I do hope things improve for you soon.
You sound as if you really need someone to 'pull it all together ' for you, so that you can make sense of what is happening. Telling you ' the cancer is bigger than he thought ' is not the way you need to hear things.
Maybe one of the other ladies will come on and be able to point you in the right direction of who can help you with this - this is not a time for you to have 'vague comments' or lack of order from the professionals you need to rely on.
I reallly sympathise. My instinct says your BCN, or maybe the specialisist oncology specialist nurses?
Sending you a hug, but you need more than that - good that you have a fab hubby xx
On Friday my surgeon told me the cancer was bigger than he thought, I don't know why, but I felt like I had been hit round the back of the head with a cricket bat. I've been very pragmatic up till then, but I just felt stunned. He also said I would be having chemo before radiotherapy, due to the size. I was not worried about having chemo or radiotherapy, but I now feel like I'm losing control of what's happening, it's not a good feeling for me.

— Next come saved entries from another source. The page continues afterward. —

(* Dropping an edge that lies on a cycle keeps the graph connected. *)
Lemma degsum_cycle V a b : NoDup V -> connected_by e V ->
  In a V -> In b V -> a <> b -> e a b = true ->
  clos_refl_trans A (edge_in (drop_edge a b) V) a b ->
  2 * length V <= degsum e V.
Proof.
  intros Hnd Hc Ha Hb Hab Heab Hcyc.
  pose proof (edge_in_sym (drop_edge a b) V (drop_edge_sym a b)) as Hsym.
  assert (Hc' : connected_by (drop_edge a b) V).
  { intros u v Hu Hv. specialize (Hc u v Hu Hv). clear Hu Hv.
    induction Hc as [x y (Hx & Hy & Hxy)| |]; [|apply rt_refl | eapply rt_trans; eauto].
    destruct (drop_edge a b x y) eqn:Hd; [apply rt_step; repeat split; auto|].
    unfold drop_edge in Hd. rewrite Hxy in Hd.
    destruct (is_pair_spec a b x y) as [[[-> ->]|[-> ->]]|]; [auto | apply rt_sym; auto |].
    simpl in Hd; discriminate. }
  pose proof (degsum_connected (drop_edge a b) (drop_edge_sym a b) V Hnd Hc').
  pose proof (degsum_drop_edge V a b Hnd Ha Hb Hab Heab).
  destruct V as [|v0 V0]; [contradiction|].
  simpl in *. lia.
Qed.

End DropEdge.
End DegreeSum.

Definition cell_eqb (u v : cell) : bool := Z.eqb (fst u) (fst v) && Z.eqb (snd u) (snd v).

Lemma cell_eqb_spec u v : reflect (u = v) (cell_eqb u v).
Proof.
  destruct u as [a b], v as [c d]; unfold cell_eqb; simpl.
  destruct (Z.eqb_spec a c), (Z.eqb_spec b d); constructor; congruence.
Qed.

Definition cell_eq_dec (u v : cell) : {u = v} + {u <> v} :=
  reflect_dec _ _ (cell_eqb_spec u v).

Definition memb (c : cell) (l : list cell) : bool :=
  if in_dec cell_eq_dec c l then true else false.

Lemma memb_spec c l : reflect (In c l) (memb c l).
Proof. unfold memb; destruct (in_dec cell_eq_dec c l); constructor; auto. Qed.

Definition adjb (a b : cell) : bool :=
  Z.eqb (Z.abs (fst a - fst b) + Z.abs (snd a - snd b)) 1.

Lemma adjb_spec a b : reflect (adj a b) (adjb a b).
Proof. unfold adjb, adj. apply Z.eqb_spec. Qed.

Lemma adjb_sym a b : adjb a b = adjb b a.
Proof. unfold adjb. f_equal. lia. Qed.

Definition dirs : list cell := [(1, 0); (-1, 0); (0, 1); (0, -1)]%Z.

Definition opp_dir (d : cell) : cell := (- fst d, - snd d)%Z.

Definition shift (c : cell) (j : Z) (d : cell) : cell :=
  (fst c + j * fst d, snd c + j * snd d)%Z.

(* For a direction d, [line_of d] indexes the lines parallel to d and
   [pos_along d] is the coordinate along them. *)
Definition line_of (d c : cell) : Z := if Z.eqb (fst d) 0 then fst c else snd c.

Definition pos_along (d c : cell) : Z := (fst c * fst d + snd c * snd d)%Z.

Local Ltac case_dir H := simpl in H; destruct H as [<-|[<-|[<-|[<-|[]]]]].

Lemma opp_dir_dirs d : In d dirs -> In (opp_dir d) dirs.
Proof. intros H; case_dir H; simpl; auto. Qed.

Lemma shift_0 c d : shift c 0 d = c.
Proof. destruct c; unfold shift; simpl; f_equal; lia. Qed.

Lemma shift_shift c i j d : shift (shift c i d) j d = shift c (i + j) d.
Proof. destruct c; unfold shift; simpl; f_equal; lia. Qed.

Lemma shift_opp_dir c j d : shift c j (opp_dir d) = shift c (- j) d.
Proof. destruct c; unfold shift, opp_dir; simpl; f_equal; lia. Qed.

Lemma line_of_shift d c j : In d dirs -> line_of d (shift c j d) = line_of d c.
Proof. intros H; case_dir H; destruct c; unfold line_of, shift; simpl; lia. Qed.

Lemma pos_along_shift d c j : In d dirs -> pos_along d (shift c j d) = (pos_along d c + j)%Z.
Proof. intros H; case_dir H; destruct c; unfold pos_along, shift; simpl; lia. Qed.

Lemma adj_shift d c j : In d dirs -> adj (shift c j d) (shift c (j + 1) d).
Proof. intros H; case_dir H; destruct c; unfold adj, shift; simpl; lia. Qed.

Lemma segment_path (R : relation cell) c d (L : Z) : (0 <= L)%Z ->
  (forall j, (0 <= j < L)%Z -> R (shift c j d) (shift c (j + 1) d)) ->
  clos_refl_trans cell R c (shift c L d).
Proof.
  intros HL Hstep.
  rewrite <- (shift_0 c d) at 1. rewrite <- (Z2Nat.id L HL).
  apply (rt_path R (fun i => shift c (Z.of_nat i) d)).
  intros i Hi. rewrite Nat2Z.inj_succ, <- Z.add_1_r. apply Hstep. lia.
Qed.

Lemma adjb_as_shifts p q :
  Nat.b2n (adjb p q) = lsum (fun d => Nat.b2n (cell_eqb q (shift p (-1) d))) dirs.
Proof.
  destruct p as [x y], q as [x' y']. unfold adjb, cell_eqb, shift; simpl.
  repeat match goal with |- context [Z.eqb ?a ?b] => destruct (Z.eqb_spec a b) end;
    simpl; lia.
Qed.

Lemma lsum_cell_eqb l c : NoDup l ->
  lsum (fun q => Nat.b2n (cell_eqb q c)) l = Nat.b2n (memb c l).
Proof.
  induction l as [|x l IH]; intros Hnd; [reflexivity|].
  inversion Hnd as [|? ? Hx Hnd']; subst. simpl. rewrite IH by auto.
  destruct (memb_spec c l), (memb_spec c (x :: l)), (cell_eqb_spec x c);
    subst; simpl in *; intuition.
Qed.

Section Polyomino.
Variable P : list cell.

Lemma cconn_sym a b : cconn P a b -> cconn P b a.
Proof. apply rt_sym. intros x y (? & ? & ?); repeat split; auto. unfold adj in *; lia. Qed.

Lemma cconn_free_segment c d (L : Z) : In d dirs -> (0 <= L)%Z ->
  (forall j, (0 <= j <= L)%Z -> ~ In (shift c j d) P) -> cconn P c (shift c L d).
Proof.
  intros Hd HL Hfree. apply segment_path; auto.
  intros j Hj. repeat split; [apply Hfree; lia | apply Hfree; lia | apply adj_shift; auto].
Qed.

Definition outside (c : cell) : Prop := forall r, in_hole P r -> ~ cconn P r c.

Lemma free_ray_outside c d : In d dirs ->
  (forall j, (0 <= j)%Z -> ~ In (shift c j d) P) -> outside c.
Proof.
  intros Hd Hray r [_ [B HB]] Hrc.
  assert (HB0 : (0 <= B)%Z) by (destruct (HB r (rt_refl _ _ _)); lia).
  set (L := (B + Z.abs (fst c) + Z.abs (snd c) + 1)%Z).
  assert (Hfar : cconn P r (shift c L d)).
  { eapply rt_trans; [exact Hrc|]. apply cconn_free_segment; auto; [lia|].
    intros j Hj; apply Hray; lia. }
  destruct (HB _ Hfar) as [H1 H2]. unfold shift, L in H1, H2.
  case_dir Hd; simpl in H1, H2; lia.
Qed.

I've also had to chase up to get an appointement with an oncologist as I was told, for some unkown reason I had not been put on the system again. My CN told me today I would see the oncologist now approx 17th September and should start chemo at the end of September, beginning of October,with luck, although it's still not certain, that's eight weeks after surgery, seems an awful long time and I don't know what comes before chemo, but I'm reading up on it.
My darling husband is holding my hand all through this, but at the moment, I feel like I'm falling from a mighty height and it's frightening me.